Setting up an open source adoption process
Like any other quality management process, automated open source software license management can be integrated and applied at various stages in a development lifecycle. The earlier this process is applied, the sooner open source software usage is handled and the lower the effort and cost associated with correcting potential issues. Figure 1 suggests points in the software lifecycle where you could manage open source software.
Figure 1. Managing open source software at different points in the development lifecycle
In 2011, the team at Protecode studied the (then) current practices around adoption and use of open source software in more than seventy technology companies worldwide. The best practices in managing open source adoption were consolidated into an open source software adoption process (OSSAP), a series of necessary and optional steps that can be fully automated and integrated with existing development tools within a technology organization.
Establishing a policy
The best practices in open source license management are a lifecycle approach that includes policy-based, automated, and continuous license management as the software is being developed. Establishment of a structured open source software adoption process and a lifecycle approach ensures that any risks are addressed as early as possible to minimize their impact.
The first step of OSSAP is establishing a licensing policy. This policy determines which types of open source licenses or copyright holders are acceptable or unacceptable for use in the organization. Licensing policies also include actions to take if license violations are detected. Representatives from engineering, product management, and legal are involved in drafting this policy.
An open source software policy helps manage potential open source risks associated with legal, technical, and support aspects of a software product. An open source policy that is shared within an organization establishes confidence within the development community that the company understands and values the use of open source software, and that the organization is taking steps to maximize its benefits and minimize the risks.
The next step is analysis of the existing software portfolio to establish a baseline. This is followed by regular analysis and approval of third-party code or new code developed internally as part of the development process.
Figure 2 demonstrates the general structure of the OSSAP steps.
Figure 2. The general structure of the OSSAP steps
Accurately detecting open source
The goal of any automated open source software adoption process is accuracy. Automated tools work by comparing the content of an organizations code portfolio to a database of millions of open source and third party software files. This is achieved by:
- Examining software directories
- Examining folder and subfolder, even file names, in a directory
- Examining text files that indicate the existence of certain third-party packages and licenses
- "Scrubbing" software files and detecting statements such as "copyright xxx" or "licensed under yyy"
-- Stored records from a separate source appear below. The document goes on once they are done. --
(* Let $\Phi$ be a $(3,3)$-monotone formula with $n$ clauses and $n$ variables, and let $G_\Phi$ be the graph described in the context. If $\Phi$ is 1-satisfiable, then $\mathcal{F}(\overline{G_\Phi})=\{\frac{7}{3}n\}$; if $\Phi$ is not 1-satisfiable, then $\mathcal{F}(\overline{G_\Phi})=\emptyset$.
   Context: A $(3,3)$-monotone formula is a set $C$ of clauses over a variable set $X$, where each clause consists of three distinct positive variables and each variable occurs in exactly three clauses, so $|C|=|X|=n$. It is 1-satisfiable if some truth assignment makes exactly one variable of each clause true. The graph $G_\Phi$ has $5n$ vertices: for each clause $c$ with variables $x,y,z$ (in an arbitrary fixed order) there are vertices $c(x),c(y),c(z),a_1^c,a_2^c$ forming the path $c(x)\,a_1^c\,c(y)\,a_2^c\,c(z)$; for each variable $x$ occurring in clauses $c,c',c''$, the vertices $c(x),c'(x),c''(x)$ form a triangle; there are no other edges. $\overline{G}$ denotes the complement. A colouring is a map to $\mathbb{Z}^+$ with adjacent vertices receiving distinct colours; a fall $k$-colouring is a colouring with exactly $k$ colours in which every vertex is adjacent to a vertex of every colour other than its own; $\mathcal{F}(G)$ is the set of $k$ for which $G$ has a fall $k$-colouring. *)

From mathcomp Require Import all_boot.
Set Implicit Arguments. Unset Strict Implicit. Unset Printing Implicit Defensive.

Definition compl_rel (T : finType) (e : rel T) : rel T :=
  fun u v => (u != v) && ~~ e u v.

Definition fall_colouring (T : finType) (e : rel T) (k : nat) (f : T -> nat) : Prop :=
  [/\ (forall v, 0 < f v),
      (forall u v, e u v -> f u != f v),
      size (undup (codom f)) = k
    & (forall v u, f u != f v -> exists w, e v w && (f w == f u))].

Definition in_fall_spectrum (T : finType) (e : rel T) (k : nat) : Prop :=
  exists f : T -> nat, fall_colouring e k f.
(* Let $L/K$ be a totally and tamely ramified finite Galois extension of complete local fields with finite residue fields, let $e=[L:K]$ and $G=\mathrm{Gal}(L/K)$, and let $\pi_L,\pi_K$ be uniformizers of $L,K$ with $\pi_L^e=\pi_K$. Every $\alpha\in\mathcal{O}_L$ can be written uniquely as $\alpha=u_0+u_1\pi_L+\dots+u_{e-1}\pi_L^{e-1}$ with $u_i\in\mathcal{O}_K$. For $n\in\mathbb{Z}$, $\pi_L^n\alpha$ is a free generator of $\mathfrak{P}_L^n$ over $\mathcal{O}_K[G]$ if and only if $u_i\in\mathcal{O}_K^\times$ for all $i=0,\dots,e-1$; in particular this holds for $\alpha=1+\pi_L+\dots+\pi_L^{e-1}$.
   Context: A complete local field is a field complete with respect to a non-trivial discrete valuation. Uniformizers $\pi_L,\pi_K$ with $\pi_L^e=\pi_K$ always exist in this situation. *)

From HB Require Import structures.
From mathcomp Require Import all_boot all_order all_algebra all_fingroup all_field.
Set Implicit Arguments. Unset Strict Implicit. Unset Printing Implicit Defensive.
Import Order.TTheory GRing.Theory Num.Theory.
Local Open Scope ring_scope.

(* A normalized discrete valuation on a field R, given as v : R -> int whose
   value at 0 is irrelevant (0 is treated as having valuation +oo). *)
Definition is_dval (R : fieldType) (v : R -> int) : Prop :=
  [/\ forall x y, x != 0 -> y != 0 -> v (x * y) = v x + v y,
      forall x y, x != 0 -> y != 0 -> x + y != 0 -> Num.min (v x) (v y) <= v (x + y)
    & exists pi, pi != 0 /\ v pi = 1].

Definition vge (R : fieldType) (v : R -> int) (m : int) (y : R) : Prop :=
  y = 0 \/ m <= v y.

Definition vring (R : fieldType) (v : R -> int) (x : R) : Prop := vge v 0 x.
Definition vmax (R : fieldType) (v : R -> int) (x : R) : Prop := vge v 1 x.
Definition vpow (R : fieldType) (v : R -> int) (n : int) (x : R) : Prop := vge v n x.
Definition vunit (R : fieldType) (v : R -> int) (x : R) : Prop := x != 0 /\ v x = 0.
These techniques can detect open source content if the files are used in an application in their entirety. However their effectiveness is limited in a number of scenarios, when:
- The package name, folder names, or file names are changed.
- Directory structures are modified.
- Identifying text files such as readme.txt or license.txt are removed.
- Header information in the files are modified so that original copyright information or license attributions are lost.
We suggest using deep-scanning techniques to detect code similarity more accurately. This method involves comparing a software file signature to a large reference database of hundreds of millions of known open source software files, then looking for similarity between the signature under examination and the reference signature in the database. This step can be as basic as looking for exact matches in the database or as sophisticated as trying to match the code structure of a source file, in whole or partially, to the billions of lines of code in the reference database.
The next section describes an example of an existing, real-world approach to managing open source software in the cloud using ProtecodeCloud™.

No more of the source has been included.